# Lost two furbabies in less than two years.... Heartbroken



## CobaltRose (Apr 15, 2015)

Hi everyone. 

I have posted a few times about our beloved Golden, Bart, who passed away in July of 2013, aged 18. Well, we suffered another more recent loss that is just as painful.

Homer (what can I say, I got to pick the names, and I LOVED the Simpsons when I was a kid...  was our beloved Staffordshire Bull Terrier. He was Bart's shadow, and I'm sure it was Homer's mischievous nature that kept Bart on his toes and allowed him to live for such a great length of time. 

Unfortunately, we would not be given as long with Homer. He passed away VERY suddenly from Hemangiosarcoma on 02/02/2015, aged nine. It was so sudden. When I left for work that morning he was a-okay, and by 5PM that same day he was gone from our lives forever. Homer had such a lively, loving sprit, which makes his sudden demise all the more devastating. 

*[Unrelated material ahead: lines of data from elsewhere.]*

(* Let $\Gamma$ be a reduct of $(\mathbb{Z};<)$ with finite relational signature. Then for all $a_1,a_2\in\mathbb{Z}$ at least one of the following holds: (i) there are $r\ge0$ and a finite $S\subseteq\mathbb{Z}$ with $\{a_1,a_2\}\subseteq S$ such that every homomorphism $f$ from $\Gamma[S]$ to $\Gamma$ satisfies $|f(a_1)-f(a_2)|\le r$; (ii) there is a homomorphism $h\colon\Gamma\to\mathbb{Q}.\Gamma$ such that $h(a_1)$ and $h(a_2)$ lie in different copies of $\mathbb{Z}$ in $\mathbb{Q}.\mathbb{Z}$.
   Context: A reduct of $(\mathbb{Z};<)$ is a relational structure with domain $\mathbb{Z}$ whose relations are first-order definable in $(\mathbb{Z};<)$; $\Gamma[S]$ is the induced substructure on $S$. $\mathbb{Q}.\mathbb{Z}=\mathbb{Q}\times\mathbb{Z}$ with the lexicographic order; its copies of $\mathbb{Z}$ are the sets $\{a\}\times\mathbb{Z}$. $\mathbb{Q}.\Gamma$ is the structure on $\mathbb{Q}.\mathbb{Z}$ interpreting each relation symbol of $\Gamma$ by the relation defined over $(\mathbb{Q}.\mathbb{Z};<)$ by a first-order formula defining it over $(\mathbb{Z};<)$. *)

From HB Require Import structures.
From mathcomp Require Import all_boot all_order all_algebra.
Set Implicit Arguments. Unset Strict Implicit. Unset Printing Implicit Defensive.
Import Order.TTheory GRing.Theory Num.Theory.
Local Open Scope ring_scope.

(* First-order formulas in the language {<} (with equality), variables as
   de Bruijn indices: variable k refers to the k-th entry of the environment;
   FEx binds index 0 and shifts the others. *)
Inductive fo : Type :=
  | FLt : nat -> nat -> fo
  | FEq : nat -> nat -> fo
  | FNot : fo -> fo
  | FAnd : fo -> fo -> fo
  | FEx : fo -> fo.

Definition scons (D : Type) (d : D) (e : nat -> D) : nat -> D :=
  fun k => match k with 0%N => d | k'.+1 => e k' end.

Fixpoint sat (D : Type) (lt : D -> D -> Prop) (e : nat -> D) (phi : fo) : Prop :=
  match phi with
  | FLt i j => lt (e i) (e j)
  | FEq i j => e i = e j
  | FNot p => ~ sat lt e p
  | FAnd p q => sat lt e p /\ sat lt e q
  | FEx p => exists d : D, sat lt (scons d e) p
  end.

Fixpoint fv_below (n : nat) (phi : fo) : bool :=
  match phi with
  | FLt i j => (i < n)%N && (j < n)%N
  | FEq i j => (i < n)%N && (j < n)%N
  | FNot p => fv_below n p
  | FAnd p q => fv_below n p && fv_below n q
  | FEx p => fv_below n.+1 p
  end.

Definition Zlt (x y : int) : Prop := x < y.

(* Q.Z = Q x Z with the lexicographic order; copies of Z are {a} x Z. *)
Definition QZ := (rat * int)%type.
Definition QZlt (p q : QZ) : Prop :=
  (p.1 < q.1) \/ (p.1 = q.1 /\ p.2 < q.2).

(* A reduct Gamma of (Z;<) with finite relational signature is given by
   m relation symbols, symbol i of arity ar i, interpreted by the relation
   defined over (Z;<) by the formula phi i (free variables < ar i).
   A tuple of arity n is represented by a function t : nat -> D, of which
   only the entries t 0, ..., t (n-1) matter. *)

Definition relZ (m : nat) (phi : 'I_m -> fo) (i : 'I_m) (t : nat -> int) : Prop :=
  sat Zlt t (phi i).
Definition relQZ (m : nat) (phi : 'I_m -> fo) (i : 'I_m) (t : nat -> QZ) : Prop :=
  sat QZlt t (phi i).

Definition hom_induced (m : nat) (ar : 'I_m -> nat) (phi : 'I_m -> fo)
    (S : seq int) (f : int -> int) : Prop :=
  forall (i : 'I_m) (t : nat -> int),
    (forall k, (k < ar i)%N -> t k \in S) ->
    relZ phi i t -> relZ phi i (fun k => f (t k)).

Definition hom_to_QZ (m : nat) (ar : 'I_m -> nat) (phi : 'I_m -> fo)
    (h : int -> QZ) : Prop :=
  forall (i : 'I_m) (t : nat -> int),
    relZ phi i t -> relQZ phi i (fun k => h (t k)).

(* If (i) fails, pick for every n a homomorphism f_n from Gamma[S_n], with
   S_n containing a1, a2 and [-n, n), such that |f_n a1 - f_n a2| > n.  A
   diagonal subsequence makes every difference f_j y - f_j x either
   eventually constant or divergent to +oo or -oo.  "Eventually constant
   difference" is an equivalence on Z whose classes are linearly ordered by
   divergence; embedding this countable order into Q and laying each class
   out as a translate of Z gives h : Z -> Q.Z, and a1, a2 land in different
   classes.  The structures (Z;<) and (Q.Z;<) are both ordered sums of
   copies of Z, and in such structures a formula of radius K cannot
   distinguish tuples that agree on the order and on all distances up to K
   (a back-and-forth argument).  Since the tuples f_j o t eventually agree
   with h o t in this sense, h preserves every relation of Gamma. *)

From HB Require Import structures.
From mathcomp Require Import all_boot all_order all_algebra.
From mathcomp Require Import zify ring lra.
From Stdlib Require Import Classical ClassicalEpsilon.
Import Order.TTheory GRing.Theory Num.Theory.
Local Open Scope ring_scope.
Set Implicit Arguments. Unset Strict Implicit.

(** * Ordered sums of copies of Z *)

(* [d u v = Some c] when v lies c steps after u in the same copy of Z, and
   [d u v = None] when u and v lie in different copies. *)
Record zchains (D : Type) (lt : D -> D -> Prop) (d : D -> D -> option int) :
    Prop := ZChains {
  zc_inhabited : inhabited D;
  zc_lt_trans : forall u v w, lt u v -> lt v w -> lt u w;
  zc_lt_irrefl : forall u, ~ lt u u;
  zc_lt_total : forall u v, lt u v \/ u = v \/ lt v u;
  zc_d_refl : forall u, d u u = Some 0;
  zc_d_eq0 : forall u v, d u v = Some 0 -> u = v;
  zc_d_lt : forall u v c, d u v = Some c -> (lt u v <-> 0 < c);
  zc_d_add : forall u v w a b, d u v = Some a -> d v w = Some b ->
    d u w = Some (a + b);
  zc_d_opp : forall u v a, d u v = Some a -> d v u = Some (- a);
  zc_lt_copyr : forall u v w c, d u v = None -> d v w = Some c ->
    (lt u v <-> lt u w);
  zc_lt_copyl : forall u v w c, d u v = None -> d v w = Some c ->
    (lt v u <-> lt w u);
  zc_d_surj : forall u c, exists v, d u v = Some c }.

Definition far (D : Type) (d : D -> D -> option int) (K : int) (u v : D) :=
  forall c, d u v = Some c -> -K <= c -> c <= K -> False.

Lemma exists_maximal (D : Type) (lt : D -> D -> Prop) (e : nat -> D)
    (lt_trans : forall u v w, lt u v -> lt v w -> lt u w)
    (lt_irrefl : forall u, ~ lt u u) (P : nat -> Prop) n :
  (exists k, (k < n)%N /\ P k) ->
  exists k, [/\ (k < n)%N, P k & forall l, (l < n)%N -> P l -> ~ lt (e k) (e l)].
Proof.
elim: n => [|n IH]; first by case=> k [].
move=> [k0 [k0n Pk0]].
case: (classic (exists k, (k < n)%N /\ P k)) => [/IH[k [kn Pk max_k]]|none].
  case: (classic (P n /\ lt (e k) (e n))) => [[Pn lt_kn]|not_n].
    exists n; split => // l; rewrite ltnS leq_eqVlt => /orP[/eqP->|ln] Pl.
      exact: lt_irrefl.
    by move=> lt_nl; apply: (max_k l ln Pl); exact: lt_trans lt_kn lt_nl.
  exists k; split => //; first exact: ltnW.
  move=> l; rewrite ltnS leq_eqVlt => /orP[/eqP->|ln] Pl; last exact: max_k.
  by move=> lt_kn; apply: not_n.
have k0E : k0 = n.
  move: k0n; rewrite ltnS leq_eqVlt => /orP[/eqP//|k0n].
  by case: none; exists k0.
subst k0; exists n; split => // l; rewrite ltnS leq_eqVlt => /orP[/eqP->|ln] Pl.
  exact: lt_irrefl.
by case: none; exists l.
Qed.

Section ZChainsTheory.

Variables (D : Type) (lt : D -> D -> Prop) (d : D -> D -> option int).
Hypothesis zc : zchains lt d.

Lemma d_oppN u v : d u v = None -> d v u = None.
Proof.
move=> E; case E': (d v u) => [a|] //.
by rewrite (zc_d_opp zc E') in E.
Qed.

Lemma d_addSN u v w a : d u v = Some a -> d v w = None -> d u w = None.
Proof.
move=> E1 E2; case E: (d u w) => [b|] //.
by rewrite (zc_d_add zc (zc_d_opp zc E1) E) in E2.
Qed.

Lemma d_addNS u v w c : d u v = None -> d v w = Some c -> d u w = None.
Proof.
move=> E1 E2; case E: (d u w) => [b|] //.
by rewrite (zc_d_add zc E (zc_d_opp zc E2)) in E1.
Qed.

Lemma eq_d0 u v : u = v <-> d u v = Some 0.
Proof. split=> [->|]. exact: (zc_d_refl zc). exact: (zc_d_eq0 zc). Qed.

Lemma gt_iff u v : lt v u <-> ~ lt u v /\ u <> v.
Proof.
split=> [h|[h1 h2]].
  split=> [h'|E]; last by subst; exact: (zc_lt_irrefl zc h).
  exact: (zc_lt_irrefl zc (zc_lt_trans zc h' h)).
by case: (zc_lt_total zc u v) => [h|[h|//]]; [case: h1 | case: h2].
Qed.

Lemma far_sym K u v : far d K u v -> far d K v u.
Proof.
move=> F c E c1 c2; apply: (F (- c)); first exact: (zc_d_opp zc E).
- lia.
- lia.
Qed.

Lemma far_shift K K' u v w c :
  far d K u v -> d v w = Some c -> -K' <= c -> c <= K' -> K' + K' <= K ->
  far d K' u w /\ (lt u v <-> lt u w).
Proof.
move=> F E c1 c2 KK; split.
  move=> b Eb b1 b2; apply: (F (b - c)); [|lia|lia].
  exact: (zc_d_add zc Eb (zc_d_opp zc E)).
case Ed: (d u v) => [a|]; last exact: (zc_lt_copyr zc Ed E).
have a_big : ~ (-K <= a /\ a <= K) by move=> [a1 a2]; exact: F a Ed a1 a2.
rewrite (zc_d_lt zc Ed) (zc_d_lt zc (zc_d_add zc Ed E)).
lia.
Qed.

Lemma far_above K u v w c :
  0 <= K -> u = v \/ lt u v -> d v w = Some c -> K < c -> far d K u w /\ lt u w.
Proof.
move=> K0 [<-|h] E cK.
  split; first by move=> b; rewrite E => -[<-]; lia.
  by apply/(zc_d_lt zc E); lia.
case Ed: (d u v) => [a|].
  have a0 : 0 < a by apply/(zc_d_lt zc Ed).
  have E' := zc_d_add zc Ed E; split.
    by move=> b; rewrite E' => -[<-]; lia.
  by apply/(zc_d_lt zc E'); lia.
have E' := d_addNS Ed E; split; first by move=> b; rewrite E'.
exact/(zc_lt_copyr zc Ed E).
Qed.
Lemma u_win_junction n0 n x y t : (1 <= n)%nat -> t_start (S n) - 1 <= t <= t_start (S n) + 1 ->
  u_win n0 n x y t = u_win n0 (S n) x y t.
Proof.
  intros Hn Ht; rewrite t_start_S in Ht.
  rewrite (u_win_modes n0 n), (u_win_modes n0 (S n)) by lia; unfold shift.
  assert (Hk : kk n0 n <> 0) by (generalize (kk_pos n0 n); lra).
  assert (Hk' : kk n0 (S n) <> 0) by (generalize (kk_pos n0 (S n)); lra).
  destruct (profile_end (amp n0 n) (kk n0 n) (t - t_start n) Hk) as [E1 [E2 _]]; [lra |].
  destruct (profile_start (amp n0 (S n)) (kk n0 (S n)) (t - t_start (S n)) Hk')
    as [E3 [E4 _]]; [rewrite t_start_S; lra |].
  rewrite E1, E2, E3, E4, amp_S, kk_S, t_start_S by auto.
  rewrite (Rmult_assoc (amp n0 n) (exp _) (exp _)), <- exp_plus.
  replace (- (13 / 2) * kk n0 n + - (2 * kk n0 n * (t - (t_start n + 5))))
    with (- (kk n0 n * (2 * (t - t_start n) - 7 / 2))) by field.
  ring.
Qed.

Lemma A_win_junction n0 n x y t i j : (1 <= n)%nat -> t_start (S n) - 1 <= t <= t_start (S n) + 1 ->
  A_win n0 n i j x y t = A_win n0 (S n) i j x y t.
Proof.
  intros Hn Ht; rewrite t_start_S in Ht.
  rewrite (A_win_id n0 n), (A_win_id n0 (S n)); rewrite ?t_start_S; auto; lra.
Qed.

Lemma glued_eq_on_slab n0 t : 0 < t ->
  exists lo hi, lo < t < hi /\ eq_on_slab (u_glued n0) (u_win n0 (window_of t)) lo hi /\
    (forall i j, eq_on_slab (A_glued n0 i j) (A_win n0 (window_of t) i j) lo hi).
Proof.
  intros Ht; destruct (window_of_correct t) as [Hn Hs]; [lra |].
  set (n := window_of t) in *.
  exists (Rmax 0 (t_start n - 1)), (t_start n + 6).
  assert (Hlo0 := Rmax_l 0 (t_start n - 1)); assert (Hlo1 := Rmax_r 0 (t_start n - 1)).
  assert (Key : forall s, Rmax 0 (t_start n - 1) < s < t_start n + 6 ->
     (forall x y, u_win n0 (window_of s) x y s = u_win n0 n x y s) /\
     (forall i j x y, A_win n0 (window_of s) i j x y s = A_win n0 n i j x y s)).
  { intros s Hs'; destruct (window_of_correct s) as [Hm Hms]; [lra |].
    set (m := window_of s) in *; clearbody m n.
    destruct (window_of_near n m s Hn Hm Hms) as [-> | [-> | <-]]; [lra | auto | |].
    - rewrite t_start_S in Hms.
      split; intros; symmetry; [apply u_win_junction | apply A_win_junction];
        rewrite ?t_start_S; auto; lra.
    - rewrite t_start_S in *.
      split; intros; [apply u_win_junction | apply A_win_junction]; rewrite ?t_start_S; auto; lra. }
  split; [split; [apply Rmax_lub_lt |]; lra |].
  split; [intros x y s Hs' | intros i j x y s Hs'];
    [apply (proj1 (Key _ Hs')) | apply (proj2 (Key _ Hs'))].
Qed.

Lemma amp_kk4_le n0 n : (1 <= n)%nat -> kk n0 n ^ 4 * amp n0 n <= exp (13/2 * kk n0 1).
Proof.
  intros Hn; generalize (kk_pos n0 n); intros Hk.
  assert (H1 : kk n0 n ^ 4 <= exp (4 * kk n0 n)).
  { replace (exp (4 * kk n0 n)) with (exp (kk n0 n) ^ 4).
    - apply pow_incr; split; [lra |]; generalize (exp_ineq1_le (kk n0 n)); lra.
    - replace (4 * kk n0 n) with (kk n0 n + kk n0 n + kk n0 n + kk n0 n) by ring.
      rewrite !exp_plus; ring. }
  unfold amp; apply Rle_trans with (exp (4 * kk n0 n) * exp (- (13 / 2) * (kk n0 n - kk n0 1))).
  - apply Rmult_le_compat_r; [left; apply exp_pos | auto].
  - rewrite <- exp_plus; apply exp_le_compat; lra.
Qed.

Section Glued.

Variable n0 : nat.
Hypothesis Hn0 : (10 <= n0)%nat.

We have lost two much loved furbabies in less than two years, and the pain we were and are still feeling is immense. We should never take our furbabies for granted, and should cherish every moment we have with them, because one day, they may not be around any more. We still have our other furbaby, Eva, and I'll be hugging her just that little bit tighter from now on.


----------



## cgriffin (Nov 30, 2011)

I am so sorry for your losses. I know exactly how you feel - I lost my golden and my lab mix within 9 months of each other. They were so closely bonded to each other and to us and they died of the same cancer, no warning till it was too late. I think of them daily, they live on in my heart. For my golden Toby, it had been 2 years March 30, for my lab mix Thunder it had been 1 year on January 2.


----------



## Susan: w/ Summit we climb (Jun 12, 2014)

I'm so sorry. It's hard to find words for such a shock, to come home to lose your Homer at only nine, when he seemed fine just hours before. I haven't lost one quite so suddenly, nor one in as good health as Homer seemed to be. Hemangiosarcoma is a horrible cancer that takes away our beloved fur kids too soon. I'm so glad you still have Eva.


----------



## HolDaisy (Jan 10, 2012)

So sorry to hear about your loss of Homer  he was a handsome boy. We lost our Rottie girl just over a year ago, and like Homer she also went really suddenly. I'm so glad that you have Eva to help you through this tough time, I bet she misses him loads - what breed is she?


----------



## CobaltRose (Apr 15, 2015)

HolDaisy said:


> So sorry to hear about your loss of Homer  he was a handsome boy. We lost our Rottie girl just over a year ago, and like Homer she also went really suddenly. I'm so glad that you have Eva to help you through this tough time, I bet she misses him loads - what breed is she?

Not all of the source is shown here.